Stored data:

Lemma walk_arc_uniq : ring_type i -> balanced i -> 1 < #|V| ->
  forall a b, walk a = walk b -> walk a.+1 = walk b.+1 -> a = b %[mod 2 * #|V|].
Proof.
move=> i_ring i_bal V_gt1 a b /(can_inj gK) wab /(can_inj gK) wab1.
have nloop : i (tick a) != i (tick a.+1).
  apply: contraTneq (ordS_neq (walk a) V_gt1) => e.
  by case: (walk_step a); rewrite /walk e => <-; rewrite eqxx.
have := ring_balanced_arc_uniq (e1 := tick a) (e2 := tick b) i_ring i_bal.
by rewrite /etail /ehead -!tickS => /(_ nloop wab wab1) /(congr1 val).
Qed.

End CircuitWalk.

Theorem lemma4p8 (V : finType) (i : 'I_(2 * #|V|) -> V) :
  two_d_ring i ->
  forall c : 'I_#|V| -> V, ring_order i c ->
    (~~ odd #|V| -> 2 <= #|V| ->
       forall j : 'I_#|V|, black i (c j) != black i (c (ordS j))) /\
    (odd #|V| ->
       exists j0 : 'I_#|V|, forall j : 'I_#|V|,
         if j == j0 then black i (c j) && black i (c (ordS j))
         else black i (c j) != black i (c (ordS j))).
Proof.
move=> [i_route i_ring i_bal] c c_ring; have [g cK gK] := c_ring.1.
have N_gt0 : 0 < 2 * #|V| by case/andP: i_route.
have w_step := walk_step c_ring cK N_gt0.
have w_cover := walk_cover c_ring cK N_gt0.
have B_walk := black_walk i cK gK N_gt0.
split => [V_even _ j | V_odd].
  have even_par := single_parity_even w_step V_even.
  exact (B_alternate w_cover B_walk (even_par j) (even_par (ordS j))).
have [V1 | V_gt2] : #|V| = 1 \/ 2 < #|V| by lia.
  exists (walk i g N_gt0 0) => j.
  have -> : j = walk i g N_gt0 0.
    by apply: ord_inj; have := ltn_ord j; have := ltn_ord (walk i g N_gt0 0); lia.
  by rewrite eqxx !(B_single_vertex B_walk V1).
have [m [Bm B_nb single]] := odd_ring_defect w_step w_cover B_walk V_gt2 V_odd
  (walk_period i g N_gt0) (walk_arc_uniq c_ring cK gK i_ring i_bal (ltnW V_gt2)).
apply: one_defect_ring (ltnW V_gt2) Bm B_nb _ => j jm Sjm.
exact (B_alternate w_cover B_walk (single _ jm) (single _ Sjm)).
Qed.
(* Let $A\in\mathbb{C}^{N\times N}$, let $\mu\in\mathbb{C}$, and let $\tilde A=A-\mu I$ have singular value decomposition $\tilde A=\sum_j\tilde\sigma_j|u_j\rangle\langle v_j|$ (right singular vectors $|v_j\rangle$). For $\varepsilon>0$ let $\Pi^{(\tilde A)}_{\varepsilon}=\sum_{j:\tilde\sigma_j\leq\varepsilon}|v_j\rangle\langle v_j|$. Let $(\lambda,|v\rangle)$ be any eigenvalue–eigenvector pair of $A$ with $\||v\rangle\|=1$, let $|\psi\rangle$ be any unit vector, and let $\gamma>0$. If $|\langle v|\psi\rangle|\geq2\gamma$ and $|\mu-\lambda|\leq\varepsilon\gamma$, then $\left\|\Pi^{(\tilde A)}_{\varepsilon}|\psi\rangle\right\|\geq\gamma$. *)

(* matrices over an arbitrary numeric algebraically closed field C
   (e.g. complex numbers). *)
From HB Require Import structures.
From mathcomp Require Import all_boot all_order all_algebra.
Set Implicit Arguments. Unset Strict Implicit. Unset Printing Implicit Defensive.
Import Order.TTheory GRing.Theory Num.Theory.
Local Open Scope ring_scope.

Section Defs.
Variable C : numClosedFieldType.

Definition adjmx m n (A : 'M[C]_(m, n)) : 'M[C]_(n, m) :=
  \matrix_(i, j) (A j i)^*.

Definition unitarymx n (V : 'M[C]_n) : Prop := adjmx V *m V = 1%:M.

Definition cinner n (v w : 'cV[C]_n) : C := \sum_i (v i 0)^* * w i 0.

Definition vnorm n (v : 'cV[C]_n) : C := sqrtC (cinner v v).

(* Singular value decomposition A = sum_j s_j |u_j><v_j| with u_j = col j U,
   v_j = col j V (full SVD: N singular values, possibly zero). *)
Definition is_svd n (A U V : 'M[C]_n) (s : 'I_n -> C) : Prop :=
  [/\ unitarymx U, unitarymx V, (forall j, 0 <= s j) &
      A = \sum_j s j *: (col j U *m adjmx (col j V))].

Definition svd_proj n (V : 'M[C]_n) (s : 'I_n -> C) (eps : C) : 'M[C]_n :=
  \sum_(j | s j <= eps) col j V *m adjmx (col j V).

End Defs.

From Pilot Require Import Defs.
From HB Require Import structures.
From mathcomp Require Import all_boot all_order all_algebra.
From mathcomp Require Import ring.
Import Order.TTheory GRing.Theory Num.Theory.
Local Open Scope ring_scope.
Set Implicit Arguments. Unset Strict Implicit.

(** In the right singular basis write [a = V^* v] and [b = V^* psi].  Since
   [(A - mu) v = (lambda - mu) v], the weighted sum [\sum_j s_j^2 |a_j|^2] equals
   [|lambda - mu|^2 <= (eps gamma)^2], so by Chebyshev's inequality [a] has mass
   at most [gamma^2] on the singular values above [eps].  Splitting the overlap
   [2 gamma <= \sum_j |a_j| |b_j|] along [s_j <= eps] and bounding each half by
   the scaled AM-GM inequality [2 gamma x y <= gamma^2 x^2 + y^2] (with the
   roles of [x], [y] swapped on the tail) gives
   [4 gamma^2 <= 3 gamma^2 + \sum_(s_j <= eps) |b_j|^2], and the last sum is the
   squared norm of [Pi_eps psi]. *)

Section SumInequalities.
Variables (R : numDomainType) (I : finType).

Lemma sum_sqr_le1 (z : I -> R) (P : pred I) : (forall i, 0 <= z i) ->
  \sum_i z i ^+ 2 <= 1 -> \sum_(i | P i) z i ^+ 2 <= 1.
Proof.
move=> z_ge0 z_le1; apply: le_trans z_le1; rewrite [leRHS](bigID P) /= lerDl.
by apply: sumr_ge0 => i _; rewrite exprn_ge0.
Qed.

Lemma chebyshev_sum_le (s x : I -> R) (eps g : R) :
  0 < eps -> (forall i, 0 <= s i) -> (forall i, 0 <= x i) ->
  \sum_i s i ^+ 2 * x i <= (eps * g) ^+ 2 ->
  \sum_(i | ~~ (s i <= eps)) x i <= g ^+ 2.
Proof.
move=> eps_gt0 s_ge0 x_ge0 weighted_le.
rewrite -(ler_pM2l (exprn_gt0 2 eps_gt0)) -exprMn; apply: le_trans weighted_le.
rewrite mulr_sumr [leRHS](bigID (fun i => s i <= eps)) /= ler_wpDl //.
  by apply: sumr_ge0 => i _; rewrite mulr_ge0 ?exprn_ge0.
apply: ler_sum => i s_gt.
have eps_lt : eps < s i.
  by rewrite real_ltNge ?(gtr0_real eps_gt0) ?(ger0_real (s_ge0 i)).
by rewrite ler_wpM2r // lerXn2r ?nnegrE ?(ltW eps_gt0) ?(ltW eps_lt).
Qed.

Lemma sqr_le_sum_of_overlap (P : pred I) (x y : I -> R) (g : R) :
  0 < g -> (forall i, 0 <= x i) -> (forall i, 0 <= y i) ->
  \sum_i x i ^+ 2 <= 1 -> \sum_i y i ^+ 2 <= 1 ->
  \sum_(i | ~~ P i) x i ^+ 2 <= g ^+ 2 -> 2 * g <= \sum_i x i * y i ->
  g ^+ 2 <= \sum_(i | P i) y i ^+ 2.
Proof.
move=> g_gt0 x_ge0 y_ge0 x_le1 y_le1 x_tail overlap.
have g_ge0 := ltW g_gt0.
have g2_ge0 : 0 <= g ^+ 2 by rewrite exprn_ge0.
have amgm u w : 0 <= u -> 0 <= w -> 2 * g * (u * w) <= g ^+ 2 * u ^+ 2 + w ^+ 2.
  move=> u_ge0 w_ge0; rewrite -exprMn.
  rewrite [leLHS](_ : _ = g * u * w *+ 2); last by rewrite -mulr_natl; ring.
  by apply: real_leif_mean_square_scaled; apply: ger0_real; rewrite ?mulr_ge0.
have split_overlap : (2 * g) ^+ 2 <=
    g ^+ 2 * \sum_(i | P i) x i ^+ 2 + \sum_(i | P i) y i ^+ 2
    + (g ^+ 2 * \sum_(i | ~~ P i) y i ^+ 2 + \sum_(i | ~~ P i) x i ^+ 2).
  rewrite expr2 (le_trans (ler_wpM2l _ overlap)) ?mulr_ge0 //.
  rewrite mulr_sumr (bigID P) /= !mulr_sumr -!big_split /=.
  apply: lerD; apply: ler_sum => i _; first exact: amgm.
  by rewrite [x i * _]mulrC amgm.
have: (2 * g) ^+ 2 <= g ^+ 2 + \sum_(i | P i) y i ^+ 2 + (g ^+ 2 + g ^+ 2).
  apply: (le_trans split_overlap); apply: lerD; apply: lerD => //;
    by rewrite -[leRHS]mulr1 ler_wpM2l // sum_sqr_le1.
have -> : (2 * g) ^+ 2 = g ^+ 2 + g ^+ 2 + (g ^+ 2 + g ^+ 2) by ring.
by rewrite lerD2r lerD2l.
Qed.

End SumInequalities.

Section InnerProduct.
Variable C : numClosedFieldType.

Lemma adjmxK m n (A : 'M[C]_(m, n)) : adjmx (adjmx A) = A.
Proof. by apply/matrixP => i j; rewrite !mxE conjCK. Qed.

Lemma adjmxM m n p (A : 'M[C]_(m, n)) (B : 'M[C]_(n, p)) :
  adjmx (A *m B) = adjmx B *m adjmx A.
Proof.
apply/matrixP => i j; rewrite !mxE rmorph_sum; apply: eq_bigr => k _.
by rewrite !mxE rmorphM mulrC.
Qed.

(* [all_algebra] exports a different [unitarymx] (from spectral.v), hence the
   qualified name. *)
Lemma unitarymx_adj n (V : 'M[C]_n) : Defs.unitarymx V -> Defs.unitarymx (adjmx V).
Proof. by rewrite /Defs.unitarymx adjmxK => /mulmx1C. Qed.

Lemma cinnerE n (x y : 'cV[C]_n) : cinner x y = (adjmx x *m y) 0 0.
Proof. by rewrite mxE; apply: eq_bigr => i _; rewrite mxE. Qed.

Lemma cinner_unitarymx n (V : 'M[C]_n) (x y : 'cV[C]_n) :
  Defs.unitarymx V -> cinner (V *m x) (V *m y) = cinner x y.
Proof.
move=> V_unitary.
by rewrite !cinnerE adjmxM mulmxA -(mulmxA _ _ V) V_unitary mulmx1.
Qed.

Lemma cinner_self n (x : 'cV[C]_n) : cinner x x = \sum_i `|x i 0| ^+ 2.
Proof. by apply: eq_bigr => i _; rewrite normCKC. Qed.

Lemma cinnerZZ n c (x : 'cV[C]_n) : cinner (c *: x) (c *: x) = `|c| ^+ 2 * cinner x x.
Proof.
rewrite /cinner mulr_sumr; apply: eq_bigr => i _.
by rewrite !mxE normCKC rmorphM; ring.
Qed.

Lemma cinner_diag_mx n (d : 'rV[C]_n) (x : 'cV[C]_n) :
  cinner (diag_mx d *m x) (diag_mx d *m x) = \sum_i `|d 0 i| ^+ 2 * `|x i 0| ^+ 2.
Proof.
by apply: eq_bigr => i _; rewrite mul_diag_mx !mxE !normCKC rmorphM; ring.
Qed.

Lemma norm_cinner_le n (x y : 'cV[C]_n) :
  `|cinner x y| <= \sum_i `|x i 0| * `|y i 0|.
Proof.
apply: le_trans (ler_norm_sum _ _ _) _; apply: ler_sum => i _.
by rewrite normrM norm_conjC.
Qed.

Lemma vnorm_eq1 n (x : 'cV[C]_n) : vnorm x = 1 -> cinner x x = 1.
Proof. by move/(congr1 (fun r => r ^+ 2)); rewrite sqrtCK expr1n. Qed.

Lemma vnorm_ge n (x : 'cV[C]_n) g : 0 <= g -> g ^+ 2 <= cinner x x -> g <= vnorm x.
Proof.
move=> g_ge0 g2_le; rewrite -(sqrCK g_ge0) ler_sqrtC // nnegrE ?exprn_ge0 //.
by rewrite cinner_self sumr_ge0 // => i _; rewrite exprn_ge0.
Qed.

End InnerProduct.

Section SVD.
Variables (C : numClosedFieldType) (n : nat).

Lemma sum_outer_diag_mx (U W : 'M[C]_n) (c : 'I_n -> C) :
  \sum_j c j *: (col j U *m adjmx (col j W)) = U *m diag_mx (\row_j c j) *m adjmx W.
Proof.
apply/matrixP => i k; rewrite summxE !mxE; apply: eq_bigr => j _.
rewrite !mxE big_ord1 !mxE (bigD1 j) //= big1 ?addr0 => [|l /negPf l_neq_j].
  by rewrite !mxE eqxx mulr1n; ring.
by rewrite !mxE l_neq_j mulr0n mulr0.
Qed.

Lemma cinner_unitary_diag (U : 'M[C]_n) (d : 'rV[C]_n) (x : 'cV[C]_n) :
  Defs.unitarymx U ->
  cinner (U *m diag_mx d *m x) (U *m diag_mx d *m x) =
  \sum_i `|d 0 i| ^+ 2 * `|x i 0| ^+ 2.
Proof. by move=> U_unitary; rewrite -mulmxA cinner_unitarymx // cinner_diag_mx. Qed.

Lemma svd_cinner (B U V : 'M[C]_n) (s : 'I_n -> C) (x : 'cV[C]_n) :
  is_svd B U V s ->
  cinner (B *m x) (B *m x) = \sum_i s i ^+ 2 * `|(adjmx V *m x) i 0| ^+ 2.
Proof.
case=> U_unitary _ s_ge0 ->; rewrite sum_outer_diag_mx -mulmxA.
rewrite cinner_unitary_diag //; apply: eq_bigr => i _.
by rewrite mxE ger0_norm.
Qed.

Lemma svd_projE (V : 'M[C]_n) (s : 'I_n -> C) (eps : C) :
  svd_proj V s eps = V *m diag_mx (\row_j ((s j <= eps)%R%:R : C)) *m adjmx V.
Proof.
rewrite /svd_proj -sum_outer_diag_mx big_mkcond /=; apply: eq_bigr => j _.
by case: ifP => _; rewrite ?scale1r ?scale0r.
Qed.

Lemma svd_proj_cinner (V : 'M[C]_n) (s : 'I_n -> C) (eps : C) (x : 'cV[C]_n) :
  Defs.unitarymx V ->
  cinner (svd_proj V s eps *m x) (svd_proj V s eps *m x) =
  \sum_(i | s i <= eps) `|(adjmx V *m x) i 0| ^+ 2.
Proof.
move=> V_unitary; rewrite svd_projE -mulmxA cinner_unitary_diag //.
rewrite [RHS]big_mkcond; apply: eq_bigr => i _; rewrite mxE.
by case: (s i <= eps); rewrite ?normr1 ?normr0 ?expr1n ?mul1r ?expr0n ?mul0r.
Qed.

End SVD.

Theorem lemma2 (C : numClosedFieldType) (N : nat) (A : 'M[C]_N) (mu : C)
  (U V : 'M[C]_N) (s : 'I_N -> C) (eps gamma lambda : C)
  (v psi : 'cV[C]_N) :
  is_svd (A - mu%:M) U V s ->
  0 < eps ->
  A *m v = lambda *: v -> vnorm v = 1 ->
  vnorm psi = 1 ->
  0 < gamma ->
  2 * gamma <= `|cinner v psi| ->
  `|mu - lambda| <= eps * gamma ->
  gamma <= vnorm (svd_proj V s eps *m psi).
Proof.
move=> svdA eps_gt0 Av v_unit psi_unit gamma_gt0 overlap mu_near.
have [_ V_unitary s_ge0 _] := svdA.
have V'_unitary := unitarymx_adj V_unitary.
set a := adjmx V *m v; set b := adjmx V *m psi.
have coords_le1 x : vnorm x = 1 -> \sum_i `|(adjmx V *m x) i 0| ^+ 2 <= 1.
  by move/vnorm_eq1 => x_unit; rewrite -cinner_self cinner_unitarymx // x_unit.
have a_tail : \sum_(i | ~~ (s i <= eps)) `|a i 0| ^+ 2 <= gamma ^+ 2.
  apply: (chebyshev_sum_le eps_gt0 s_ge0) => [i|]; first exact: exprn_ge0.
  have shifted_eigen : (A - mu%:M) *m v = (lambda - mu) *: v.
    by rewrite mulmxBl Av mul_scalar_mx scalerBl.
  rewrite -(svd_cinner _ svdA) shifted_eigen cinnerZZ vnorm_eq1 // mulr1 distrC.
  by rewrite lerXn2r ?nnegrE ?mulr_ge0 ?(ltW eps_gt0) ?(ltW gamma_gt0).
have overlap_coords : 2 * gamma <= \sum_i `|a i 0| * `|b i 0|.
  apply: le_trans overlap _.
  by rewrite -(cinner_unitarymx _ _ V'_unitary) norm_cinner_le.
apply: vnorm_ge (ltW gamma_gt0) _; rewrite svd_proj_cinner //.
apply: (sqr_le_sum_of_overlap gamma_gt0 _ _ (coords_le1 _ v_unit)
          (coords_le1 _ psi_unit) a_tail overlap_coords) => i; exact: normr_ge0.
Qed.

Exercise description:
Your output should be the lines from the one with "(coords_le1 _ psi_unit)" through the last line of the entries above, copied exactly and nothing more.

Answer box:
          (coords_le1 _ psi_unit) a_tail overlap_coords) => i; exact: normr_ge0.
Qed.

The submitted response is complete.